# stain 7 buildings



## Stretch67 (Oct 7, 2013)

Got the guys powerwashing this place today. It had TWP OIL six years ago. Summer camp for city kids to come an experience the great outdoors. Just giving a rinse with p-washer and then 2 coats wet on wet. Some mild bleaching on certain deck areas. 8 buildings total, four decent/large size and four smallish storage sheds. 

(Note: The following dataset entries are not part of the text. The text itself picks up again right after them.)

(* Let $\mathcal{U}\subset\Delta(\mathcal{X}\times\mathcal{Y})$ be a convex and compact uncertainty set, let $\mathrm{h}^{\mathcal{U}}\in \mathrm{T}(\mathcal{X},\mathcal{Y})$ be an $\ell$-MRC for $\mathcal{U}$, and let $\mathrm{p}^{\mathcal{U}}\in\mathcal{U}$ be a probability distribution with maximum $\ell$-entropy over $\mathcal{U}$. Then $$H_\ell(\mathcal{U})=\ell(\mathrm{h}^{\mathcal{U}},\mathrm{p}^{\mathcal{U}})=\min_{\mathrm{h}\in \mathrm{T}(\mathcal{X},\mathcal{Y})}\max_{\mathrm{p}\in\mathcal{U}}\ell(\mathrm{h},\mathrm{p});$$ that is, $\mathrm{h}^{\mathcal{U}}$ minimizes the expected $\ell$-loss with respect to $\mathrm{p}^{\mathcal{U}}$, $\mathrm{p}^{\mathcal{U}}$ maximizes the expected $\ell$-loss of $\mathrm{h}^{\mathcal{U}}$ over distributions in $\mathcal{U}$, and this expected $\ell$-loss coincides with the maximum $\ell$-entropy over $\mathcal{U}$.
   Context: Let $\mathcal{X}$ and $\mathcal{Y}$ be finite nonempty sets, with $\mathcal{Y}=\{1,\dots,|\mathcal{Y}|\}$. For a finite set $\mathcal{Z}$, $\Delta(\mathcal{Z})$ denotes the set of probability distributions on $\mathcal{Z}$. A classification rule is a map $\mathrm{h}$ assigning to each $x\in\mathcal{X}$ a distribution $\mathrm{h}(\cdot|x)\in\Delta(\mathcal{Y})$; $\mathrm{T}(\mathcal{X},\mathcal{Y})$ is the set of all classification rules. A score function $L:\Delta(\mathcal{Y})\times\mathcal{Y}\to(-\infty,\infty]$ is lower semi-continuous and convex in its first argument; the associated classification loss is $\ell(\mathrm{h},(x,y))=L(\mathrm{h}(\cdot|x),y)$, and for $\mathrm{p}\in\Delta(\mathcal{X}\times\mathcal{Y})$ the expected loss is $\ell(\mathrm{h},\mathrm{p})=\sum_{x\in\mathcal{X},y\in\mathcal{Y}}\mathrm{p}(x,y)\ell(\mathrm{h},(x,y))$. The $\ell$-entropy of $\mathrm{p}$ is $H_\ell(\mathrm{p})=\min_{\mathrm{h}\in\mathrm{T}(\mathcal{X},\mathcal{Y})}\ell(\mathrm{h},\mathrm{p})$, and for a compact $\mathcal{U}\subset\Delta(\mathcal{X}\times\mathcal{Y})$, $H_\ell(\mathcal{U})=\max_{\mathrm{p}\in\mathcal{U}}H_\ell(\mathrm{p})$. For a convex compact $\mathcal{U}$, a rule $\mathrm{h}^{\mathcal{U}}$ is an $\ell$-MRC (minimax risk classifier) for $\mathcal{U}$ if $\mathrm{h}^{\mathcal{U}}\in\arg\min_{\mathrm{h}\in\mathrm{T}(\mathcal{X},\mathcal{Y})}\max_{\mathrm{p}\in\mathcal{U}}\ell(\mathrm{h},\mathrm{p})$. *)

From HB Require Import structures.
From mathcomp Require Import all_boot all_order all_algebra.
From mathcomp Require Import all_classical all_reals all_analysis.
Set Implicit Arguments. Unset Strict Implicit. Unset Printing Implicit Defensive.
Import Order.TTheory GRing.Theory Num.Theory.
Import numFieldNormedType.Exports.
Local Open Scope classical_set_scope.
Local Open Scope ring_scope.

Tips tricks advice? Been almost a decade since I stained anything. Thinking spray most of it, decks spindles lattice work everything. Maybe a 413 tip or so? Run 24" film or 12" paper around perimeters? Is backbrushing/rolling even necessary? A lot of it looks pretty thirsty... it'll soak in b4 u can even get a brush on it.


----------



## Stretch67 (Oct 7, 2013)




----------



## stelzerpaintinginc. (May 9, 2012)

I think back-rolling that vertical siding would be beneficial for sure, given the condition. 
As for the decks, I always back-roll em. Although I know many painters who say they have adequate results with just spraying the stain, I think back-rolling high-traffic areas like decks gives em a fighting chance to last a few years. JMO. 


Stelzer Painting Inc.


----------



## ridesarize (Jun 19, 2012)

stelzerpaintinginc. said:


> I think back-rolling that vertical siding would be beneficial for sure, given the condition.
> As for the decks, I always back-roll em. Although I know many painters who say they have adequate results with just spraying the stain, I think back-rolling high-traffic areas like decks gives em a fighting chance to last a few years. JMO.
> 
> 
> Stelzer Painting Inc.


Most likely the new stain manufacturer's instructions would recommend a stripped surface or there is a moderate risk of failure. But if you don't do that...I think some of the siding there would benefit from BM restore with an even wash, and BM Brighten with even high pressure rinse then a low pressure rinse top to bottom to rinse chems and wood debris off windows and siding.. High pressure does not work to rinse down chems, it only pushes chems and debris around slightly..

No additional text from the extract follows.